─── Data for review ───
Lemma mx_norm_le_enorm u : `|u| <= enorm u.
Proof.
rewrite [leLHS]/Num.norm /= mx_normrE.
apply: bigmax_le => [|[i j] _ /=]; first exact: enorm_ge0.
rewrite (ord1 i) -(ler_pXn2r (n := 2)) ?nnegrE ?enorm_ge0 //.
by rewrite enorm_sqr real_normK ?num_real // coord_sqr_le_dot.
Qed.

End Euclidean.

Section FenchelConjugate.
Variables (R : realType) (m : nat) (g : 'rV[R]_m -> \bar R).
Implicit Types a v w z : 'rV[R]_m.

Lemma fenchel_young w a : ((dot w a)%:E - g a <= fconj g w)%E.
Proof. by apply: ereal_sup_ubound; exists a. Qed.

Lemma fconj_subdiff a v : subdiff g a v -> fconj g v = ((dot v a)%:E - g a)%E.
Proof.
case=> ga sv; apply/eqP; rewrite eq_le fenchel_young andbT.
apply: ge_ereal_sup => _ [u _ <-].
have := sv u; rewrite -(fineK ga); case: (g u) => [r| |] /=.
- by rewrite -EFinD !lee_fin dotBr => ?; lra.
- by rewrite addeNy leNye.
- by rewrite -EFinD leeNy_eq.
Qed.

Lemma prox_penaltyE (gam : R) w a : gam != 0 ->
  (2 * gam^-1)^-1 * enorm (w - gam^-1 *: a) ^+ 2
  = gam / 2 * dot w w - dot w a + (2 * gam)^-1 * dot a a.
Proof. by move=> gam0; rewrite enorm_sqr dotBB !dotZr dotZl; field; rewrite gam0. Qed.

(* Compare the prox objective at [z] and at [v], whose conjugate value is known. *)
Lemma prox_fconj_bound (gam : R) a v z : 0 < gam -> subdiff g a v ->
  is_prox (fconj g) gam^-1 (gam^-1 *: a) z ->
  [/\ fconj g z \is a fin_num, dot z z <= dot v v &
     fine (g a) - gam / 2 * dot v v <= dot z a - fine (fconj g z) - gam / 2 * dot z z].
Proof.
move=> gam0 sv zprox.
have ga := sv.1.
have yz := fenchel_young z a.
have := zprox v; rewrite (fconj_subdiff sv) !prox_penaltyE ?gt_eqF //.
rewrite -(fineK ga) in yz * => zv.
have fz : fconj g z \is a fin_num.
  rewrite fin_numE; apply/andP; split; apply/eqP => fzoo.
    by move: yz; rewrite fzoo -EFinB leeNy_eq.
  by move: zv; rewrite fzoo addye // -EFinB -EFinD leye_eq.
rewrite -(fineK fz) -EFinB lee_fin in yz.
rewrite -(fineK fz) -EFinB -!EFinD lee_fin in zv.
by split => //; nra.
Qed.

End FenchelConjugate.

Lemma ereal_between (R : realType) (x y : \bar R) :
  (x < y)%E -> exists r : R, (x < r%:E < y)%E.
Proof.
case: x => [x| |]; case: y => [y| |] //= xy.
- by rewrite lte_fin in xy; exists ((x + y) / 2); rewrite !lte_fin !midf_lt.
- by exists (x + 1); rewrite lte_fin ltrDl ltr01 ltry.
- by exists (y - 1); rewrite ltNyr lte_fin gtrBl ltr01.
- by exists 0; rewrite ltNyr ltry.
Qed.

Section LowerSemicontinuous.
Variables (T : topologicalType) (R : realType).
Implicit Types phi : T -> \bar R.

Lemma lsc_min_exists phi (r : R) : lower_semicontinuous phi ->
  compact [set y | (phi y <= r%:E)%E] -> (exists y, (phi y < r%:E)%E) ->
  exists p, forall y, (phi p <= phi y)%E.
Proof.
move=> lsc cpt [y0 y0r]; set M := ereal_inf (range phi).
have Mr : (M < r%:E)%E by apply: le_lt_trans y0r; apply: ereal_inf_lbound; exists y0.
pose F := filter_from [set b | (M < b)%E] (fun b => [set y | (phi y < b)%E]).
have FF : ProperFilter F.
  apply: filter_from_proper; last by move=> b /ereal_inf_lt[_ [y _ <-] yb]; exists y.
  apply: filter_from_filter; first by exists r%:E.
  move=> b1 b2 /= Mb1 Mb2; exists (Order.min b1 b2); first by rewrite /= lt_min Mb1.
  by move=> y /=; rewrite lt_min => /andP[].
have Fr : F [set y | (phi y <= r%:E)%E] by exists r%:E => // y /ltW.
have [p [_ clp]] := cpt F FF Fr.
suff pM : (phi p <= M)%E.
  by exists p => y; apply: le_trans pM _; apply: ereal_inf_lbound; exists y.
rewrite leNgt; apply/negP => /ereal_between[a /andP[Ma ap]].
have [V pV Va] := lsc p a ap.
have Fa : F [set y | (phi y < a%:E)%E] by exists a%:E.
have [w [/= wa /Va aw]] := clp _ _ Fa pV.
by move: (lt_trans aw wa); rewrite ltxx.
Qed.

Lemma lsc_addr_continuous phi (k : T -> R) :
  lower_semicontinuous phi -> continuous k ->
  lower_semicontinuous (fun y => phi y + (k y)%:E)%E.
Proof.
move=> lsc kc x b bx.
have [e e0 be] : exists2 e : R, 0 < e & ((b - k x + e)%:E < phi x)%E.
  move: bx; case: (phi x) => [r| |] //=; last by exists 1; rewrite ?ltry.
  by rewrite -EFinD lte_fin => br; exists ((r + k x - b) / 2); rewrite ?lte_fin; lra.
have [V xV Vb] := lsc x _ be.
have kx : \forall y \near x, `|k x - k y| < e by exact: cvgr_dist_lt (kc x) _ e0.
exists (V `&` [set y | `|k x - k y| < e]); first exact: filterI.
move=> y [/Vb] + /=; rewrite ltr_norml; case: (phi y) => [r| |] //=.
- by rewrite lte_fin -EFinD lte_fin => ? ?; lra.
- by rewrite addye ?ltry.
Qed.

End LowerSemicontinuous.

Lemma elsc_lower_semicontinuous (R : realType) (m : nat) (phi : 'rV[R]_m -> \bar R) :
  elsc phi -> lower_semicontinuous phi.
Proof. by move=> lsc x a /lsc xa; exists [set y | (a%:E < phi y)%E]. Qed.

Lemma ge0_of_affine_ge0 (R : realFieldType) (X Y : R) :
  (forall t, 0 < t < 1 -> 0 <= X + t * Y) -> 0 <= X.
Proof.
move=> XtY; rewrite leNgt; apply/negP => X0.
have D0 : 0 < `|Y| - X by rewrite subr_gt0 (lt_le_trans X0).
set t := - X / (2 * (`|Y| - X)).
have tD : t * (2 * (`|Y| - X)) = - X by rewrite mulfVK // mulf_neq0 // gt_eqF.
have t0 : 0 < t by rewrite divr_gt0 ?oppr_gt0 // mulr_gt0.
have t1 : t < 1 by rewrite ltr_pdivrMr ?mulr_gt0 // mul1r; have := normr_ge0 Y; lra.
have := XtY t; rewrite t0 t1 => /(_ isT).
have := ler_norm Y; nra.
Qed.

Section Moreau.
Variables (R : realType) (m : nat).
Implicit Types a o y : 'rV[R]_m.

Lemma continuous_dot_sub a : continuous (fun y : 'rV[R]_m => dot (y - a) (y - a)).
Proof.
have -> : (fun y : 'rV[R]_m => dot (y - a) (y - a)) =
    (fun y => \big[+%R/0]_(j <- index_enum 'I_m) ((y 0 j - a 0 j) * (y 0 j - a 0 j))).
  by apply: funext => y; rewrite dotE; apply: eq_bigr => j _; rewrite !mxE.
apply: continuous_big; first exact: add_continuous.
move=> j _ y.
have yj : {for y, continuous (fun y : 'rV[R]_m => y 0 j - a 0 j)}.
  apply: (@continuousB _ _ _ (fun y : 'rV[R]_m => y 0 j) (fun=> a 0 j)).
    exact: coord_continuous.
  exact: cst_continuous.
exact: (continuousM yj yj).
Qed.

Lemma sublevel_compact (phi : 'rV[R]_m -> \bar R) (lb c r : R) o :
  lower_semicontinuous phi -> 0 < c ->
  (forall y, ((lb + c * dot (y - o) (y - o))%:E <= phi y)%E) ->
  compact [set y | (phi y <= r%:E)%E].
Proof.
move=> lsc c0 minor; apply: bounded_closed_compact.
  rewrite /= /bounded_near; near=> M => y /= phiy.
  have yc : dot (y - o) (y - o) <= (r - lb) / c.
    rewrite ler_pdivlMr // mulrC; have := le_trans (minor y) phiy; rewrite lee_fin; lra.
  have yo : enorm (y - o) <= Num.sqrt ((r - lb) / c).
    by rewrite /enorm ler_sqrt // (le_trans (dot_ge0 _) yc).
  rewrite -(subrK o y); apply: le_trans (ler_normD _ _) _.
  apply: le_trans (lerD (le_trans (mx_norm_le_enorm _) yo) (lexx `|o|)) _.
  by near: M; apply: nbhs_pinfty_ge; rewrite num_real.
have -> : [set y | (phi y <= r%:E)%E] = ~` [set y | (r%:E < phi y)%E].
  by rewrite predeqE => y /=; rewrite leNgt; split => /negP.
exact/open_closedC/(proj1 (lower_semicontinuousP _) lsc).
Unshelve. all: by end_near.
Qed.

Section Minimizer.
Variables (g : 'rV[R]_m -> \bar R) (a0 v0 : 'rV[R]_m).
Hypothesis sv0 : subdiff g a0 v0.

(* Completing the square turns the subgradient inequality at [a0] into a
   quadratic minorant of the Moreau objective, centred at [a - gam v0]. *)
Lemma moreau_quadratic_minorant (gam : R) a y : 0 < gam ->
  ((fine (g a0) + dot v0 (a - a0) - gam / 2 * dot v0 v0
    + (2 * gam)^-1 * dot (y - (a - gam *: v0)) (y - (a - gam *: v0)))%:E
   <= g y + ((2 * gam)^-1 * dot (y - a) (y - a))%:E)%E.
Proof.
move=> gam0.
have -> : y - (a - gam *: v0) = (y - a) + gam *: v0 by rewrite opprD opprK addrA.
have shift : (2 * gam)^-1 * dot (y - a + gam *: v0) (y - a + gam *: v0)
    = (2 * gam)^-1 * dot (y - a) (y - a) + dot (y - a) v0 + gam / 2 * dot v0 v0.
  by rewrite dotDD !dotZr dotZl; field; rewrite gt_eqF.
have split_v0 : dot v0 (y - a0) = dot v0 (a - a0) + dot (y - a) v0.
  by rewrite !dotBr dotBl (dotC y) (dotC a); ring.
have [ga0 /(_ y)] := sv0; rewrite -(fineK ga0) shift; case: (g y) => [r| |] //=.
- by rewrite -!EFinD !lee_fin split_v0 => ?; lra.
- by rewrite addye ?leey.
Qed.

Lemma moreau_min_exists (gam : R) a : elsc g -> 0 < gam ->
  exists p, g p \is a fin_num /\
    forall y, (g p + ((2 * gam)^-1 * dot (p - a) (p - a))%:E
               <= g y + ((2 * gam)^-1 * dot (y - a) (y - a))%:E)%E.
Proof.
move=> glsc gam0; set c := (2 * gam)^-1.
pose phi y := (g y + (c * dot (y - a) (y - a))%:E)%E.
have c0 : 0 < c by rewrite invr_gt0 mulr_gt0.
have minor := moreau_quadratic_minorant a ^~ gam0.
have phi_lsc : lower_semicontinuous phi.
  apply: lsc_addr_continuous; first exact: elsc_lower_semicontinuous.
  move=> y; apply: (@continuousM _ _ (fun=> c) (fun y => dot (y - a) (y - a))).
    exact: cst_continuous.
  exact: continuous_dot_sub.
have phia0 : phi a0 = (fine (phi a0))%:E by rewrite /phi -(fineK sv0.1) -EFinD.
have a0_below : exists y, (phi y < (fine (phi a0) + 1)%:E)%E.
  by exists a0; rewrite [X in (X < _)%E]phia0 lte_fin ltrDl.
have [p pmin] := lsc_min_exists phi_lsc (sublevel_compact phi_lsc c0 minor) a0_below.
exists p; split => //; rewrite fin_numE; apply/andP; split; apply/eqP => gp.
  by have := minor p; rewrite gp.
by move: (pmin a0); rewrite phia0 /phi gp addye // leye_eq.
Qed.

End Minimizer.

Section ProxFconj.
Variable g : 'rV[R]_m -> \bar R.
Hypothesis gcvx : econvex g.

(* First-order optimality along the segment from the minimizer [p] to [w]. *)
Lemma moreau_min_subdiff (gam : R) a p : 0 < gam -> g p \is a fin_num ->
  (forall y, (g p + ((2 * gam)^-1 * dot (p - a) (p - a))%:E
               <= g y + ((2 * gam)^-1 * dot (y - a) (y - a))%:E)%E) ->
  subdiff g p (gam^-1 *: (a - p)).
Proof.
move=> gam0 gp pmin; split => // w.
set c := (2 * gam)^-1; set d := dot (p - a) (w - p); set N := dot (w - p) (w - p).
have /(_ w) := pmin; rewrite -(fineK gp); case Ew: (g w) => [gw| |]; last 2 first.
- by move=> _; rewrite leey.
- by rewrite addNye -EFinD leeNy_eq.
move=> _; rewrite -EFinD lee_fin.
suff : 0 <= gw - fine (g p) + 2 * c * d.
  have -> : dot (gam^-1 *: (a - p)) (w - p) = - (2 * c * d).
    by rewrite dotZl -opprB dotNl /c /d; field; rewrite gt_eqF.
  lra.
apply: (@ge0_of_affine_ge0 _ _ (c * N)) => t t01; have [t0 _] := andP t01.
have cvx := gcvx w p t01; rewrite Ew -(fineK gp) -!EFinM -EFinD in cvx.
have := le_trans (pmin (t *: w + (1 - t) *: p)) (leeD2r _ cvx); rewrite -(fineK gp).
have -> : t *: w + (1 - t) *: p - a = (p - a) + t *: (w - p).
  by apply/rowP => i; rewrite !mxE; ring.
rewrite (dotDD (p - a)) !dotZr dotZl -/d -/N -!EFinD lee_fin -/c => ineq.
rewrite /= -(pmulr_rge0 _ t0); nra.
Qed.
───
─── Data for review ───
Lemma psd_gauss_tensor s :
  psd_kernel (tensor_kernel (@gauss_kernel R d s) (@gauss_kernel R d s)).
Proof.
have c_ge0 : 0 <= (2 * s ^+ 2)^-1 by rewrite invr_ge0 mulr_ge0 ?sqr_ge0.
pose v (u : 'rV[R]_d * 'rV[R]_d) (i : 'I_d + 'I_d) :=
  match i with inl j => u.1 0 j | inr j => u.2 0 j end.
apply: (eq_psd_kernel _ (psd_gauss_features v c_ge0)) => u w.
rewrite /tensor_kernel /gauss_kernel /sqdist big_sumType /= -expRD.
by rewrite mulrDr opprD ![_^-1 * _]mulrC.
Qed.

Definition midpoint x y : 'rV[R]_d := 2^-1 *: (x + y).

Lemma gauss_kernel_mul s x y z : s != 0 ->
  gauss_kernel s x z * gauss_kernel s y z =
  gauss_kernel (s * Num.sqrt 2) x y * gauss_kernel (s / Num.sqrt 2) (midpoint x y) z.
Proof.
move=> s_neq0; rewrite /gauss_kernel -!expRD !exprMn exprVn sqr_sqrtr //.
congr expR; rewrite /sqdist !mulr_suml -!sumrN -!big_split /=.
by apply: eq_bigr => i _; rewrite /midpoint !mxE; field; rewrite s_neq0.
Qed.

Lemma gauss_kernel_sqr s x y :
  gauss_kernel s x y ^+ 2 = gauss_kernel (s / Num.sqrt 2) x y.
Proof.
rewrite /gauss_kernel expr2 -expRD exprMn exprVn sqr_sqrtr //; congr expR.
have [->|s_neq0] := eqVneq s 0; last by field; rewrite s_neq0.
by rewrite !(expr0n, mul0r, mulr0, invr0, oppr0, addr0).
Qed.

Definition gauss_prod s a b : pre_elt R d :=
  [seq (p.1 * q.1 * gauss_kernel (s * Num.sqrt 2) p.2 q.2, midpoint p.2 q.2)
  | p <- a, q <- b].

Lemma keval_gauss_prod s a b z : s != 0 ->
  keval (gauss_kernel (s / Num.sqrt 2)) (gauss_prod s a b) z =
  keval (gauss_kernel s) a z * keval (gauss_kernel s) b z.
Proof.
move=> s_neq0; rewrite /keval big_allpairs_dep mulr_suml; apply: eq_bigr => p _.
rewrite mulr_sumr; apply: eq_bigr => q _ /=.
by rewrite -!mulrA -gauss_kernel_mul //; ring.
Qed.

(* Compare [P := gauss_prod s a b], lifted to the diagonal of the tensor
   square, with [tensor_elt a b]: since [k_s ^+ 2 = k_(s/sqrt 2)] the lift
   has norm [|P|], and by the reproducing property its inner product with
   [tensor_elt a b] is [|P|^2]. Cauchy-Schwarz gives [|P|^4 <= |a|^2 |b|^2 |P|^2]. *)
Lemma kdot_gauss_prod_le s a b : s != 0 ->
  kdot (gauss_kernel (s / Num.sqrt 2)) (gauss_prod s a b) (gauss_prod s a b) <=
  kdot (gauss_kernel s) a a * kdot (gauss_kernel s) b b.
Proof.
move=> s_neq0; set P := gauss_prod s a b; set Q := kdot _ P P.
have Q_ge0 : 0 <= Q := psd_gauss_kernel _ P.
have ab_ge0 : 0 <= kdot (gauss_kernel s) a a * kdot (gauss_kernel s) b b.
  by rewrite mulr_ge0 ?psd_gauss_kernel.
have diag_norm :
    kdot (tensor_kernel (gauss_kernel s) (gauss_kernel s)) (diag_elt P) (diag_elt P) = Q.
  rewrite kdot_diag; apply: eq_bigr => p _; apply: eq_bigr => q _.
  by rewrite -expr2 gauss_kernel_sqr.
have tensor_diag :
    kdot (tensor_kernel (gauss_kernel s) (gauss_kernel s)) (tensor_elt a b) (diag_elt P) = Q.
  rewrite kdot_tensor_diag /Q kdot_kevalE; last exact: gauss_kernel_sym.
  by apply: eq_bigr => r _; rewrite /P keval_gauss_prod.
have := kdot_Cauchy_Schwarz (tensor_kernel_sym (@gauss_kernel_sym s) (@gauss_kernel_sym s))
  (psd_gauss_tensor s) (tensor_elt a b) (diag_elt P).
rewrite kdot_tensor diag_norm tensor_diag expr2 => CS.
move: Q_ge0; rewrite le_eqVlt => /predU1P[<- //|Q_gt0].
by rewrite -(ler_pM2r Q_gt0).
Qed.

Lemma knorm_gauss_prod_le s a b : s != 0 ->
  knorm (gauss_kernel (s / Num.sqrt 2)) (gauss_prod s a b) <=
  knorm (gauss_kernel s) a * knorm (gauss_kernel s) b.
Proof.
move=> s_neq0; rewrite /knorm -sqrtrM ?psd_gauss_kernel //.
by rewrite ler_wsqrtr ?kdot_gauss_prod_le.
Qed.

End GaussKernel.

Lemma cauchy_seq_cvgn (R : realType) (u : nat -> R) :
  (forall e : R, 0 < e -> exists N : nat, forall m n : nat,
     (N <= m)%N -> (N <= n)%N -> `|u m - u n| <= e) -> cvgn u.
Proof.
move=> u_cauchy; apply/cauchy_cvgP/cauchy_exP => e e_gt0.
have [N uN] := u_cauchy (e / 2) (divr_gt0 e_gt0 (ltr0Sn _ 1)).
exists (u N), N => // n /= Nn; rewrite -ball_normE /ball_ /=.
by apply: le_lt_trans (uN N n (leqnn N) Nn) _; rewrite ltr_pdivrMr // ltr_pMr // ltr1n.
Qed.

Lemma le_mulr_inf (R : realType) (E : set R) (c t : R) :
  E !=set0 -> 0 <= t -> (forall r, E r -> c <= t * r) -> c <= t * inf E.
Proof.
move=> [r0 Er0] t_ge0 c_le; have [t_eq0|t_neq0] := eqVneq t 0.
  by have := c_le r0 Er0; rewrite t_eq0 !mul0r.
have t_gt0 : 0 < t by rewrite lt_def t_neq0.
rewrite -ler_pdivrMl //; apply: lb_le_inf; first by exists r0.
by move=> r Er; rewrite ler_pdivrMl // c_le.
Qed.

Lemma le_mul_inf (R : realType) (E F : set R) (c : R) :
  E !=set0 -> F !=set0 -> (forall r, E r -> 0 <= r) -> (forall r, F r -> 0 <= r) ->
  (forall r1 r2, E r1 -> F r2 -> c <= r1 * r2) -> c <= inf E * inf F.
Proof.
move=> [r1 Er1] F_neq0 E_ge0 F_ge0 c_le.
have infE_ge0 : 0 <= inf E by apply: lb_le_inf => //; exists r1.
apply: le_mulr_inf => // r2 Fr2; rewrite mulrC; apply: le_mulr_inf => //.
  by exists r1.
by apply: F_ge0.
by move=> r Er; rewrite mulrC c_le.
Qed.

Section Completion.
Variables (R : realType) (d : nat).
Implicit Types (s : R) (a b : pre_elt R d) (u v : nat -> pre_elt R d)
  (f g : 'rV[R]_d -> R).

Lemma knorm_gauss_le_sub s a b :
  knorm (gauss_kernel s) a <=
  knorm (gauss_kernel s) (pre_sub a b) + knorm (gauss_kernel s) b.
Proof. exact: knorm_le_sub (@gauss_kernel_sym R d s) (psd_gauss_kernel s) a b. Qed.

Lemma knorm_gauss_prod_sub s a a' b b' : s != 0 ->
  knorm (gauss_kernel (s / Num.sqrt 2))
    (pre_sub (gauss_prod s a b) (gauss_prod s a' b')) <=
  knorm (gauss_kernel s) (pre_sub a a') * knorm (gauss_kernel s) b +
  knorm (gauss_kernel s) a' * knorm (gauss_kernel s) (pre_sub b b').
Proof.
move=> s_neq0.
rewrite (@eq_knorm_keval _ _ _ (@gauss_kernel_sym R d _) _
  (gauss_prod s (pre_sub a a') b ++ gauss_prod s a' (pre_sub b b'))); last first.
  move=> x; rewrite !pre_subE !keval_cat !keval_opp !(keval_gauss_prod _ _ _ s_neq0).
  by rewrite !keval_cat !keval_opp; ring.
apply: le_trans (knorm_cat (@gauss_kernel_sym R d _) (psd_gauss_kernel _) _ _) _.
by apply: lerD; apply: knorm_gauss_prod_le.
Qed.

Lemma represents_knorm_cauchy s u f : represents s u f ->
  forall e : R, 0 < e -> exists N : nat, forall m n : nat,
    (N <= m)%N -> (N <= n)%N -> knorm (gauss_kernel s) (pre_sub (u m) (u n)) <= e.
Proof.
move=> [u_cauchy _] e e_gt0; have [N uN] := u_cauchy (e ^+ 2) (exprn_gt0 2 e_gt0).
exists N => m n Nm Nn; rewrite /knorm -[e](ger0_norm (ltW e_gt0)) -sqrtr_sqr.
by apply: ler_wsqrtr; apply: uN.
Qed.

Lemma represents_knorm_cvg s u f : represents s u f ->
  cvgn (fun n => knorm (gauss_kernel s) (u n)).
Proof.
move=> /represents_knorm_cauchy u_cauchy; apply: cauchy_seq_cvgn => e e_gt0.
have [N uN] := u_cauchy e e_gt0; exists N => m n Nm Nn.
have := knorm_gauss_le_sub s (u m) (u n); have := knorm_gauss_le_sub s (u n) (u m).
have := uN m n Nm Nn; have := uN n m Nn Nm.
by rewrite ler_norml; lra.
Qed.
───
**What is needed:**
When you reach the line in the material above that holds "Lemma cauchy_seq_cvgn (R", begin reproducing lines exactly, and stop after the line that holds "move=> u_cauchy; apply/cauchy_cvgP/cauchy_exP".

**Solved problem:**
Lemma cauchy_seq_cvgn (R : realType) (u : nat -> R) :
  (forall e : R, 0 < e -> exists N : nat, forall m n : nat,
     (N <= m)%N -> (N <= n)%N -> `|u m - u n| <= e) -> cvgn u.
Proof.
move=> u_cauchy; apply/cauchy_cvgP/cauchy_exP => e e_gt0.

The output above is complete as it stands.